Irish Internees in Darlinghurst Gaol, 1918 [McGing is far right, back row]

Irish Internees in Darlinghurst Gaol, 1918 [McGing is far right, back row]

Michael McGing, Irish dancing exponent, was born in Glenmask, Ballinrobe, County Mayo, Ireland on 6 November 1880, the son of Anthony McGing, farmer, and his wife Mary (née Collins). He grew up bilingual in Irish and English, and like his parents did not learn to read and write. He also learnt Irish dancing in the traditional venue of the crossroads dance. On the long summer evenings in Ireland, where the sun sets at 10 pm, community dance sessions were held at crossroads. All the young people of the district attended and took turns to dance solos and group sets.[1]
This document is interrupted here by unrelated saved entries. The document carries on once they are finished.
(* Let $\mathbf X_I=(X_1,\dots,X_d)$ satisfy conditions (i) and (ii) below, and let $I_1,\dots,I_p$ be a partition of $I$. Then for all $(\lambda_1,\dots,\lambda_p)\in(0,\infty)^p$, $$E\Big(\max_{1\le j\le p} M(I_j)^{\lambda_j}\Big)=\frac{L}{1+L},\qquad L=\ell_{\mathbf X_I}\Big(\sigma_1^{\eta}\sum_{j=1}^p\lambda_j^{\eta}\delta_1(I_j),\dots,\sigma_d^{\eta}\sum_{j=1}^p\lambda_j^{\eta}\delta_d(I_j)\Big).$$
   Context: Let $d\ge 1$, $I=\{1,\dots,d\}$, and let $I_1,\dots,I_p$ ($1\le p\le d$) be a partition of $I$ into nonempty blocks of consecutive indices. Let $\mathbf X_I=(X_1,\dots,X_d)$ be a random vector with joint distribution function $F_{\mathbf X_I}$ and univariate marginal distribution functions $F_i$ such that: (i) $F_i(t)=\exp(-\sigma_i t^{-1/\eta})$ for $t>0$, $i=1,\dots,d$, for some constants $\sigma_i>0$ and $\eta\in(0,1]$; (ii) the function $\ell_{\mathbf X_I}(t_1,\dots,t_d)=-\ln F_{\mathbf X_I}(t_1,\dots,t_d)$, $(t_1,\dots,t_d)\in(0,\infty)^d$, is homogeneous of order $-1/\eta$, i.e. $\ell_{\mathbf X_I}(s\mathbf t)=s^{-1/\eta}\ell_{\mathbf X_I}(\mathbf t)$ for all $s>0$. For $i\in I$ and $J\subseteq I$, $\delta_i(J)=1$ if $i\in J$ and $\delta_i(J)=0$ otherwise. For nonempty $J\subseteq I$, $M(J)=\max_{i\in J}F_i(X_i)$. *)

From HB Require Import structures.
From mathcomp Require Import all_boot all_order all_algebra.
From mathcomp Require Import all_classical all_reals all_analysis.
Set Implicit Arguments. Unset Strict Implicit. Unset Printing Implicit Defensive.
Import Order.TTheory GRing.Theory Num.Theory.
Local Open Scope classical_set_scope.
Local Open Scope ring_scope.

Definition joint_cdf {dT} {T : measurableType dT} {R : realType}
  (P : probability T R) (n : nat) (X : 'I_n -> T -> R) (t : 'I_n -> R) : R :=
  fine (P [set w | forall i, X i w <= t i]).

Definition marg_cdf {dT} {T : measurableType dT} {R : realType}
  (P : probability T R) (Y : T -> R) (x : R) : R :=
  fine (P [set w | Y w <= x]).

Definition ell {dT} {T : measurableType dT} {R : realType}
  (P : probability T R) (n : nat) (X : 'I_n -> T -> R) (t : 'I_n -> R) : R :=
  - ln (joint_cdf P X t).

(* M(J) for the block J = blk^-1(j): max_{i in J} F_i(X_i) (pointwise). *)
Definition Mblock {dT} {T : measurableType dT} {R : realType}
  (P : probability T R) (n p : nat) (X : 'I_n -> T -> R) (blk : 'I_n -> 'I_p)
  (j : 'I_p) (w : T) : R :=
  \big[Num.max/0]_(i < n | blk i == j) marg_cdf P (X i) (X i w).

From HB Require Import structures.
From mathcomp Require Import all_boot all_order all_algebra.
From mathcomp Require Import all_classical all_reals all_analysis.
From mathcomp Require Import ring lra measurable_realfun.
Import Order.TTheory GRing.Theory Num.Theory.
Set Implicit Arguments. Unset Strict Implicit. Unset Printing Implicit Defensive.
Local Open Scope classical_set_scope.
Import numFieldNormedType.Exports.
Local Open Scope ring_scope.

(* Let Z be the maximum of the M(I_j)^lam_j.  The margins F_i are continuous and strictly
   increasing on (0, oo), so Z <= r iff X_i <= t_i for every i, where
   t_i = (- ln r)^(-eta) sigma_i^eta lam_j(i)^eta is the point at which F_i equals
   r^(1/lam_j(i)).  Homogeneity of ell gives P(Z <= r) = exp (- ell t) = r^L on (0, 1), so
   E Z = int_0^1 (1 - r^L) dr = L / (1 + L).  Inverting - ln requires F_X > 0 at positive
   points, which follows from homogeneity and the Bonferroni bound. *)

Section distribution_functions.
Context d (T : measurableType d) (R : realType) (P : probability T R).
Following the death of his father in early 1912, 32-year-old Michael emigrated to Sydney on the Wilcannia, arriving in November 1912.[2] He soon found employment as a labourer with the Tramway Department of the NSW Railways, where he commenced in April 1913.[3] In September 1913 he advertised dancing lessons in the Lynwood Hall in Abercrombie St, Golden Grove. The dances listed in the advertisement show the range of steps which he had learned in his early years: Rince Fada (Long Dance), 6-hand reel, 4-hand Kerry reel, Humours of Bandon jig, 8-hand Kerry reel, 4-hand square reel, Larry O’Gaff’s jig, 6-hand Fairy reel, Bridge of Athlone (jig) and Rocky Roads of Dublin (treble jig).[4]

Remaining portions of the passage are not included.